* Dataset

Lemma mxeq_refl m n (A : 'M[R]_(m, n)) : A =~ A.
Proof. by exists (erefl, erefl); rewrite castmx_id. Qed.

Lemma mxeq_sym m n m' n' (A : 'M[R]_(m, n)) (B : 'M[R]_(m', n')) :
  A =~ B -> B =~ A.
Proof. by case=> [[e1 e2] <-]; exists (esym e1, esym e2); rewrite castmxK. Qed.

Lemma mxeq_trans m n m' n' m'' n'' (A : 'M[R]_(m, n)) (B : 'M[R]_(m', n'))
    (D : 'M[R]_(m'', n'')) :
  A =~ B -> B =~ D -> A =~ D.
Proof.
by case=> [[e1 e2] <-] [[e3 e4] <-]; exists (etrans e1 e3, etrans e2 e4);
  rewrite castmx_comp.
Qed.

Lemma castmx_mxeq m n m' n' (e : (m = m') * (n = n')) (A : 'M[R]_(m, n)) :
  castmx e A =~ A.
Proof. by apply: mxeq_sym; exists e. Qed.

Lemma mxeq_castmx m n m' n' m'' n'' (e : (m = m') * (n = n'))
    (A : 'M[R]_(m, n)) (B : 'M[R]_(m'', n'')) :
  A =~ B -> castmx e A =~ B.
Proof. exact: mxeq_trans (castmx_mxeq _ _). Qed.

Lemma mxeq_eq m n (A B : 'M[R]_(m, n)) : A =~ B -> A = B.
Proof.
case=> [[e1 e2] <-].
by rewrite (eq_irrelevance e1 erefl) (eq_irrelevance e2 erefl) castmx_id.
Qed.

Lemma mxeq_eq_iff m n m' n' (A B : 'M[R]_(m, n)) (A' B' : 'M[R]_(m', n')) :
  A =~ A' -> B =~ B' -> (A = B <-> A' = B').
Proof.
move=> hA hB; split=> E; apply: mxeq_eq.
  by apply: mxeq_trans (mxeq_sym hA) _; rewrite E.
by apply: mxeq_trans hA _; rewrite E; exact: mxeq_sym.
Qed.

Lemma mxeq_mul m n p m' n' p' (A : 'M[R]_(m, n)) (B : 'M[R]_(n, p))
    (A' : 'M[R]_(m', n')) (B' : 'M[R]_(n', p')) :
  A =~ A' -> B =~ B' -> A *m B =~ A' *m B'.
Proof.
case=> [[e1 e2] <-] [[e3 e4] <-]; subst m' n' p'.
by rewrite (eq_irrelevance e3 erefl) !castmx_id; exact: mxeq_refl.
Qed.

Lemma mxeq_tens m n p q m' n' p' q' (A : 'M[R]_(m, n)) (B : 'M[R]_(p, q))
    (A' : 'M[R]_(m', n')) (B' : 'M[R]_(p', q')) :
  A =~ A' -> B =~ B' -> A *t B =~ A' *t B'.
Proof.
case=> [[e1 e2] <-] [[e3 e4] <-]; subst m' n' p' q'.
by rewrite !castmx_id; exact: mxeq_refl.
Qed.

Lemma mxeq_inv n n' (A : 'M[R]_n) (A' : 'M[R]_n') :
  A =~ A' -> invmx A =~ invmx A'.
Proof.
case=> [[e1 e2] <-]; subst n'.
by rewrite (eq_irrelevance e2 erefl) castmx_id; exact: mxeq_refl.
Qed.

Lemma scalar_mxeq m m' (k : R) : m = m' -> (k%:M : 'M[R]_m) =~ (k%:M : 'M[R]_m').
Proof. by move=> e; case: m' / e; exact: mxeq_refl. Qed.

Lemma tensmx11 m n : (1%:M : 'M[R]_m) *t (1%:M : 'M[R]_n) = 1%:M.
Proof.
apply/matrixP=> i j.
case: (mxtens_indexP i)=> i0 i1; case: (mxtens_indexP j)=> j0 j1.
rewrite tensmxE !mxE.
have -> : (mxtens_index (i0, i1) == mxtens_index (j0, j1))
          = (i0 == j0) && (i1 == j1).
  by rewrite (can_eq (@mxtens_indexK _ _)) xpair_eqE.
by case: (i0 == j0); case: (i1 == j1); rewrite /= ?mulr1 ?mulr0 ?mul0r.
Qed.

Lemma tens_scalar_mxeq m n (k : R) (A : 'M[R]_(m, n)) :
  (k%:M : 'M[R]_1) *t A =~ k *: A.
Proof. rewrite tens_scalar_mx; exact: castmx_mxeq. Qed.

* What to work on
What do the lines above say from the one containing "case=> [[e1 e2] <-]." down to the one containing "case=> [[e1 e2] <-]; subst n'."? Return them exactly, both end lines included, and only them.

* Solution to this exercise
case=> [[e1 e2] <-].
by rewrite (eq_irrelevance e1 erefl) (eq_irrelevance e2 erefl) castmx_id.
Qed.

Lemma mxeq_eq_iff m n m' n' (A B : 'M[R]_(m, n)) (A' B' : 'M[R]_(m', n')) :
  A =~ A' -> B =~ B' -> (A = B <-> A' = B').
Proof.
move=> hA hB; split=> E; apply: mxeq_eq.
  by apply: mxeq_trans (mxeq_sym hA) _; rewrite E.
by apply: mxeq_trans hA _; rewrite E; exact: mxeq_sym.
Qed.

Lemma mxeq_mul m n p m' n' p' (A : 'M[R]_(m, n)) (B : 'M[R]_(n, p))
    (A' : 'M[R]_(m', n')) (B' : 'M[R]_(n', p')) :
  A =~ A' -> B =~ B' -> A *m B =~ A' *m B'.
Proof.
case=> [[e1 e2] <-] [[e3 e4] <-]; subst m' n' p'.
by rewrite (eq_irrelevance e3 erefl) !castmx_id; exact: mxeq_refl.
Qed.

Lemma mxeq_tens m n p q m' n' p' q' (A : 'M[R]_(m, n)) (B : 'M[R]_(p, q))
    (A' : 'M[R]_(m', n')) (B' : 'M[R]_(p', q')) :
  A =~ A' -> B =~ B' -> A *t B =~ A' *t B'.
Proof.
case=> [[e1 e2] <-] [[e3 e4] <-]; subst m' n' p' q'.
by rewrite !castmx_id; exact: mxeq_refl.
Qed.

Lemma mxeq_inv n n' (A : 'M[R]_n) (A' : 'M[R]_n') :
  A =~ A' -> invmx A =~ invmx A'.
Proof.
case=> [[e1 e2] <-]; subst n'.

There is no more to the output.